Your assignment →
Look through the lines below and copy each one that includes "with".
────
(* Let $f$ be analytic on $\mathbb{D}$ and suppose there is a constant $c\ge 0$ with $\operatorname{Diam} f(r\mathbb{D})=cr$ for all $0<r<1$. Then $f(z)=a+bz$ for some constants $a,b\in\mathbb{C}$.
   Context: $\mathbb{D}$ is the open unit disk, $r\mathbb{D}=\{|z|<r\}$; for a set $E\subset\mathbb{C}$, $\operatorname{Diam}E=\sup_{z,w\in E}|z-w|$. *)

From Stdlib Require Import Reals.
From Coquelicot Require Import Coquelicot.
Open Scope R_scope.

Definition analytic_at (f : C -> C) (z0 : C) : Prop :=
  exists (a : nat -> C) (rho : R), 0 < rho /\
    forall z : C, Cmod (z - z0)%C < rho ->
      is_series (fun n : nat => (a n * pow_n (z - z0)%C n)%C) (f z).

Definition analytic_on_disk (f : C -> C) : Prop :=
  forall z0 : C, Cmod z0 < 1 -> analytic_at f z0.

Definition diam_image_disk (f : C -> C) (r : R) : Rbar :=
  Lub_Rbar (fun d : R => exists z w : C,
    Cmod z < r /\ Cmod w < r /\ d = Cmod (f z - f w)%C).

From Stdlib Require Import Reals Lra Lia Psatz Classical.
From Coquelicot Require Import Coquelicot.
Open Scope R_scope.

(* Write f(z) = sum a_n z^n near 0. Comparing f(z) - f(w) with a_1 (z - w) on small discs
   gives c <= 2 |a_1|, and f is constant if a_1 = 0. Otherwise, if a_m (m >= 2) were the first
   nonzero higher coefficient, one could pick z, w of modulus s with |f(z) - f(w)| > 2 |a_1| s
   for small s: for odd m take w = -z with z rotated so that a_m z^m points along a_1 z; for
   even m rotate z and -z in opposite senses by an angle of order s^(m-1). Hence f is affine
   near 0, and by continuation along rays on the whole disc. *)

Lemma Rle_of_le_linear_small (A B K d : R) :
  0 < d -> (forall s, 0 < s <= d -> A <= B + K * s) -> A <= B.
Proof.
  intros Hd H. apply le_epsilon. intros eps Heps.
  set (s := Rmin d (eps / (Rabs K + 1))).
  assert (Hs : 0 < s) by (apply Rmin_pos; [lra | apply Rdiv_lt_0_compat; pose proof (Rabs_pos K); lra]).
  assert (HsK : (Rabs K + 1) * s <= eps).
  { assert (Hle : s <= eps / (Rabs K + 1)) by apply Rmin_r.
    pose proof (Rabs_pos K).
    apply (Rmult_le_compat_l (Rabs K + 1)) in Hle; [|lra].
    replace ((Rabs K + 1) * (eps / (Rabs K + 1))) with eps in Hle by (field; lra). lra. }
  specialize (H s (conj Hs (Rmin_l _ _))).
  pose proof (Rle_abs K). pose proof (Rabs_pos K). nra.
Qed.

Lemma Rdiv_le_half (s r : R) : 0 < r -> 0 <= s <= r / 2 -> 0 <= s / r <= / 2.
Proof.
  intros Hr Hs. split; [apply Rdiv_le_0_compat; lra|].
  apply (Rmult_le_reg_l r); [lra|]. field_simplify; lra.
Qed.

Lemma Rle_Rmin_inv (s b x : R) : 0 < x -> s <= Rmin b (/ x) -> s <= b /\ s * x <= 1.
Proof.
  intros Hx Hs. pose proof (Rmin_l b (/ x)). pose proof (Rmin_r b (/ x)). split; [lra|].
  apply (Rmult_le_reg_r (/ x)); [apply Rinv_0_lt_compat; lra|].
  replace (s * x * / x) with s by (field; lra). lra.
Qed.

Lemma pow_n_Cpow (z : C) n : @pow_n C_Ring z n = Cpow z n.
Proof. induction n; simpl; auto. Qed.

(* [fsum x N] is [x 0 + ... + x (N-1)]; unlike [sum_n] it has an empty case and unfolds by [cbn]. *)
Fixpoint fsum (x : nat -> C) (N : nat) : C :=
  match N with O => 0%C | S N' => (fsum x N' + x N')%C end.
────
Exercise answer →
(* Let $f$ be analytic on $\mathbb{D}$ and suppose there is a constant $c\ge 0$ with $\operatorname{Diam} f(r\mathbb{D})=cr$ for all $0<r<1$. Then $f(z)=a+bz$ for some constants $a,b\in\mathbb{C}$.
(* Write f(z) = sum a_n z^n near 0. Comparing f(z) - f(w) with a_1 (z - w) on small discs
   nonzero higher coefficient, one could pick z, w of modulus s with |f(z) - f(w)| > 2 |a_1| s
   for small s: for odd m take w = -z with z rotated so that a_m z^m points along a_1 z; for
    replace ((Rabs K + 1) * (eps / (Rabs K + 1))) with eps in Hle by (field; lra). lra. }
  replace (s * x * / x) with s by (field; lra). lra.
  match N with O => 0%C | S N' => (fsum x N' + x N')%C end.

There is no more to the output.